- _BRIEF_: The records follow. Count the lines holding "else" and give only the number.

- _DATA FOR ANALYSIS_:
______________________________
(* Let $M$ be a simple extended matrix with $n\geq 1$ rows, $m\geq 0$ left columns and $k\geq 1$ variables, $$M=\left[ \begin{array}{ccc|c} x_{11} & \cdots & x_{1m} & y_{1}\\ \vdots & & \vdots & \vdots\\ x_{n1} & \cdots & x_{nm} & y_{n}\end{array} \right].$$ The following are equivalent: (a) every finitely complete category with $M$-closed relations is a Mal'tsev category; (b) every variety with $M$-closed relations is a Mal'tsev variety; (c) there exist $i,i'\in\{1,\dots,n\}$ (not necessarily distinct) such that there is no $j\in\{1,\dots,m\}$ with $x_{ij}=y_i$ and $x_{i'j}=y_{i'}$.
   Context: A simple extended matrix $M$ (with parameters $n\geq 1$, $m\geq 0$, $k\geq 1$) is an $n\times(m+1)$ array as displayed, whose entries $x_{ij}$ and $y_i$ are (not necessarily distinct) variables from $\{x_1,\dots,x_k\}$. In a finitely complete category $\mathbb{C}$, an internal $n$-ary relation $r\colon R\rightarrowtail A^n$ (a monomorphism) is $M$-closed if for every object $B$ and every function $f\colon\{x_1,\dots,x_k\}\to\mathbb{C}(B,A)$ such that, for each $j\in\{1,\dots,m\}$, the morphism $(f(x_{1j}),\dots,f(x_{nj}))\colon B\to A^n$ factors through $r$, the morphism $(f(y_1),\dots,f(y_n))\colon B\to A^n$ also factors through $r$; $\mathbb{C}$ has $M$-closed relations if every internal $n$-ary relation is $M$-closed. (In a variety: for every subalgebra $R\subseteq A^n$ and every $f\colon\{x_1,\dots,x_k\}\to A$, if all columns $(f(x_{1j}),\dots,f(x_{nj}))$ lie in $R$ then $(f(y_1),\dots,f(y_n))\in R$.) Varieties are one-sorted finitary varieties of universal algebras. A Mal'tsev category is a finitely complete category in which every internal binary relation is difunctional; equivalently, it has $\mathsf{Mal}$-closed relations for the simple matrix $\mathsf{Mal}=\left[\begin{array}{ccc|c} x_1&x_2&x_2&x_1\\ x_1&x_1&x_2&x_2\end{array}\right]$. A Mal'tsev variety is a variety whose theory has a ternary term $p$ with $p(x,y,y)=x$ and $p(x,x,y)=y$ (equivalently, a variety that is a Mal'tsev category). *)

From mathcomp Require Import all_boot.
Set Implicit Arguments. Unset Strict Implicit. Unset Printing Implicit Defensive.

(*   entries x_{ij} = xs i j,  y_i = ys i, variables x_1..x_k = 'I_k.  *)

(* The matrix Mal = [x1 x2 x2 | x1 ; x1 x1 x2 | x2]  (n=2, m=3, k=2). *)
Definition Mal_xs (i : 'I_2) (j : 'I_3) : 'I_2 :=
  if (i : nat) == 0 then (if (j : nat) == 0 then ord0 else ord_max)
  else (if (j : nat) == 2 then ord_max else ord0).
Definition Mal_ys (i : 'I_2) : 'I_2 := if (i : nat) == 0 then ord0 else ord_max.

(* Categories (hom-types with Leibniz equality).                       *)
Record category := Category {
  Ob :> Type;
  Hom : Ob -> Ob -> Type;
  comp : forall a b c, Hom b c -> Hom a b -> Hom a c;
  idm : forall a, Hom a a;
  comp_assoc : forall a b c d (h : Hom c d) (g : Hom b c) (f : Hom a b),
      comp h (comp g f) = comp (comp h g) f;
  comp_id_l : forall a b (f : Hom a b), comp (idm b) f = f;
  comp_id_r : forall a b (f : Hom a b), comp f (idm a) = f
}.
Arguments comp {c} {a b c0} : rename.
Arguments Hom {c} : rename.

Section Cat.
Variable C : category.

Definition is_terminal (T : C) : Prop :=
  forall X : C, exists! f : Hom X T, True.

Definition is_pullback (X Y Z : C) (f : Hom X Z) (g : Hom Y Z)
    (P : C) (p1 : Hom P X) (p2 : Hom P Y) : Prop :=
  comp f p1 = comp g p2 /\
  forall (Q : C) (q1 : Hom Q X) (q2 : Hom Q Y), comp f q1 = comp g q2 ->
    exists! h : Hom Q P, comp p1 h = q1 /\ comp p2 h = q2.

Definition finitely_complete : Prop :=
  (exists T : C, is_terminal T) /\
  forall (X Y Z : C) (f : Hom X Z) (g : Hom Y Z),
    exists (P : C) (p1 : Hom P X) (p2 : Hom P Y), is_pullback f g p1 p2.

Definition is_power (n : nat) (A P : C) (pi : 'I_n -> Hom P A) : Prop :=
  forall (Q : C) (q : 'I_n -> Hom Q A),
    exists! h : Hom Q P, forall i, comp (pi i) h = q i.

Definition mono (R P : C) (r : Hom R P) : Prop :=
  forall (X : C) (g h : Hom X R), comp r g = comp r h -> g = h.

Definition factors_through (n : nat) (A P R B : C) (pi : 'I_n -> Hom P A)
    (r : Hom R P) (g : 'I_n -> Hom B A) : Prop :=
  exists h : Hom B R, forall i, comp (pi i) (comp r h) = g i.

Definition M_closed (n m k : nat) (xs : 'I_n -> 'I_m -> 'I_k) (ys : 'I_n -> 'I_k)
    (A P R : C) (pi : 'I_n -> Hom P A) (r : Hom R P) : Prop :=
  forall (B : C) (f : 'I_k -> Hom B A),
    (forall j : 'I_m, factors_through pi r (fun i => f (xs i j))) ->
    factors_through pi r (fun i => f (ys i)).

Definition has_M_closed_relations (n m k : nat)
    (xs : 'I_n -> 'I_m -> 'I_k) (ys : 'I_n -> 'I_k) : Prop :=
  forall (A P R : C) (pi : 'I_n -> Hom P A) (r : Hom R P),
    is_power pi -> mono r -> M_closed xs ys pi r.

(* Mal'tsev category: finitely complete, with Mal-closed relations
   (i.e. every internal binary relation is difunctional). *)
Definition malcev_category : Prop :=
  finitely_complete /\ has_M_closed_relations Mal_xs Mal_ys.
End Cat.

Record signature := Signature { Op : Type; arity : Op -> nat }.

Record algebra (S : signature) := Algebra {
  carrier :> Type;
  op : forall o : Op S, ('I_(arity o) -> carrier) -> carrier
}.
Arguments op {S} a o _ : rename.

Inductive term (S : signature) (X : Type) : Type :=
  | Var : X -> term S X
  | App : forall o : Op S, ('I_(arity o) -> term S X) -> term S X.

Fixpoint eval (S : signature) (X : Type) (A : algebra S) (env : X -> A)
    (t : term S X) : A :=
  match t with
  | Var x => env x
  | App o args => op A o (fun l => @eval S X A env (args l))
  end.
Arguments eval {S X} A env t.

(* A variety is given by a signature S and a set E of equations
   (pairs of terms in countably many variables); its members are the
   models of E. *)
Definition equations (S : signature) := term S nat -> term S nat -> Prop.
______________________________
- _WRITTEN RESPONSE_: 3